• _What is expected_
Start at the line with "by apply/subsetP => u /pvc /cX." in the records below, stop at the line with "(order : forall", and return every line in that span exactly, the two end lines included.

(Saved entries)
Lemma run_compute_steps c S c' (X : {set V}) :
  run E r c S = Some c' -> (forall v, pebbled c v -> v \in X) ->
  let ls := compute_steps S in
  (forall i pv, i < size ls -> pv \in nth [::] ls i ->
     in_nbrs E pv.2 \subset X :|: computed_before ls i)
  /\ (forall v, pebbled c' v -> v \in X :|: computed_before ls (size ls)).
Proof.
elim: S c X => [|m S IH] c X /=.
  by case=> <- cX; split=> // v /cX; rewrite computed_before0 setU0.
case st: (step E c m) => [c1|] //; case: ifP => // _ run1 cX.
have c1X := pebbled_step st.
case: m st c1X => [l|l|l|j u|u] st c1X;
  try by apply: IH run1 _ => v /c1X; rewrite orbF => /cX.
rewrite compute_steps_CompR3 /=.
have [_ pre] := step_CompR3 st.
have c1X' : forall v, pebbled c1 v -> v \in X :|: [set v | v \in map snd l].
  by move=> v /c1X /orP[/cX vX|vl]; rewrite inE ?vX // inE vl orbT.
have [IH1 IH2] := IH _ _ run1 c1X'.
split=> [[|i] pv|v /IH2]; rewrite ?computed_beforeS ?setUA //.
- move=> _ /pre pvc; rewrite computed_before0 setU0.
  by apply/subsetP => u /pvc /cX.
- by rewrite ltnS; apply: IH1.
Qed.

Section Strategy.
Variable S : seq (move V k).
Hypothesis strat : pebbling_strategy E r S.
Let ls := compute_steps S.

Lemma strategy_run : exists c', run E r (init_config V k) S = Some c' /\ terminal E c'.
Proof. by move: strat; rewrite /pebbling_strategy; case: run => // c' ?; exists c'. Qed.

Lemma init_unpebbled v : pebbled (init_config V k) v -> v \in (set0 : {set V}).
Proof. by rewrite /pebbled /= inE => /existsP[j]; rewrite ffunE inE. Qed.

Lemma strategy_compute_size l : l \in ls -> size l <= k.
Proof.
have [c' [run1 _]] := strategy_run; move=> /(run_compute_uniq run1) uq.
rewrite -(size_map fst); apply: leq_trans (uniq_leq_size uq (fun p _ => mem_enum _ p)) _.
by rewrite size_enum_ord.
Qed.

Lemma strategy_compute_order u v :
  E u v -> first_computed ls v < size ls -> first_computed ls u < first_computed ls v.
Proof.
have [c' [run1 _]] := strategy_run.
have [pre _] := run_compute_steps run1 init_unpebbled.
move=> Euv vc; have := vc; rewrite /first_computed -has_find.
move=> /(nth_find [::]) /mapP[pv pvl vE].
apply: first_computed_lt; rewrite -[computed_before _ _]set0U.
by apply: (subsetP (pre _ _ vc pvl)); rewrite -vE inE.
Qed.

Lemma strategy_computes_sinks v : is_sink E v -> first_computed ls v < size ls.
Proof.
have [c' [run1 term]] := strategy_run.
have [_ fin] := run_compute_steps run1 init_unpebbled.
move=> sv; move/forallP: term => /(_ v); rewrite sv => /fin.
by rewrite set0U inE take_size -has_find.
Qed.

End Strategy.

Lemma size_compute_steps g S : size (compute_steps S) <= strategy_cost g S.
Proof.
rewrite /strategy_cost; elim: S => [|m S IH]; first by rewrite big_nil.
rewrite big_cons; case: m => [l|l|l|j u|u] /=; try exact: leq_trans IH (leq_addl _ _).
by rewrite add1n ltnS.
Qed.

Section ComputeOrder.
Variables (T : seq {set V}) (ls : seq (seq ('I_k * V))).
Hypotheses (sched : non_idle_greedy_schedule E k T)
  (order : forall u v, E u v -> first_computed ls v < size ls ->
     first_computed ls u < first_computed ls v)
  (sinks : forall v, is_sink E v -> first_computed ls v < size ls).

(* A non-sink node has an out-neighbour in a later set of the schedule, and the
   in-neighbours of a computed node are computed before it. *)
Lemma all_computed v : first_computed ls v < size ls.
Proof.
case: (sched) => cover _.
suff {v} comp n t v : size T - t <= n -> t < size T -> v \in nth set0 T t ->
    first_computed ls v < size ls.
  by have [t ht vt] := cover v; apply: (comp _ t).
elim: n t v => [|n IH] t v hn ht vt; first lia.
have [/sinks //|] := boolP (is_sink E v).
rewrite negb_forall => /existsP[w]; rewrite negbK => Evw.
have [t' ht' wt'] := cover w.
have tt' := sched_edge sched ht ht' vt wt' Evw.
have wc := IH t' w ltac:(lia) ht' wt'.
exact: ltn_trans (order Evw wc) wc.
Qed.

• _Task output_
  by apply/subsetP => u /pvc /cX.
- by rewrite ltnS; apply: IH1.
Qed.

Section Strategy.
Variable S : seq (move V k).
Hypothesis strat : pebbling_strategy E r S.
Let ls := compute_steps S.

Lemma strategy_run : exists c', run E r (init_config V k) S = Some c' /\ terminal E c'.
Proof. by move: strat; rewrite /pebbling_strategy; case: run => // c' ?; exists c'. Qed.

Lemma init_unpebbled v : pebbled (init_config V k) v -> v \in (set0 : {set V}).
Proof. by rewrite /pebbled /= inE => /existsP[j]; rewrite ffunE inE. Qed.

Lemma strategy_compute_size l : l \in ls -> size l <= k.
Proof.
have [c' [run1 _]] := strategy_run; move=> /(run_compute_uniq run1) uq.
rewrite -(size_map fst); apply: leq_trans (uniq_leq_size uq (fun p _ => mem_enum _ p)) _.
by rewrite size_enum_ord.
Qed.

Lemma strategy_compute_order u v :
  E u v -> first_computed ls v < size ls -> first_computed ls u < first_computed ls v.
Proof.
have [c' [run1 _]] := strategy_run.
have [pre _] := run_compute_steps run1 init_unpebbled.
move=> Euv vc; have := vc; rewrite /first_computed -has_find.
move=> /(nth_find [::]) /mapP[pv pvl vE].
apply: first_computed_lt; rewrite -[computed_before _ _]set0U.
by apply: (subsetP (pre _ _ vc pvl)); rewrite -vE inE.
Qed.

Lemma strategy_computes_sinks v : is_sink E v -> first_computed ls v < size ls.
Proof.
have [c' [run1 term]] := strategy_run.
have [_ fin] := run_compute_steps run1 init_unpebbled.
move=> sv; move/forallP: term => /(_ v); rewrite sv => /fin.
by rewrite set0U inE take_size -has_find.
Qed.

End Strategy.

Lemma size_compute_steps g S : size (compute_steps S) <= strategy_cost g S.
Proof.
rewrite /strategy_cost; elim: S => [|m S IH]; first by rewrite big_nil.
rewrite big_cons; case: m => [l|l|l|j u|u] /=; try exact: leq_trans IH (leq_addl _ _).
by rewrite add1n ltnS.
Qed.

Section ComputeOrder.
Variables (T : seq {set V}) (ls : seq (seq ('I_k * V))).
Hypotheses (sched : non_idle_greedy_schedule E k T)
  (order : forall u v, E u v -> first_computed ls v < size ls ->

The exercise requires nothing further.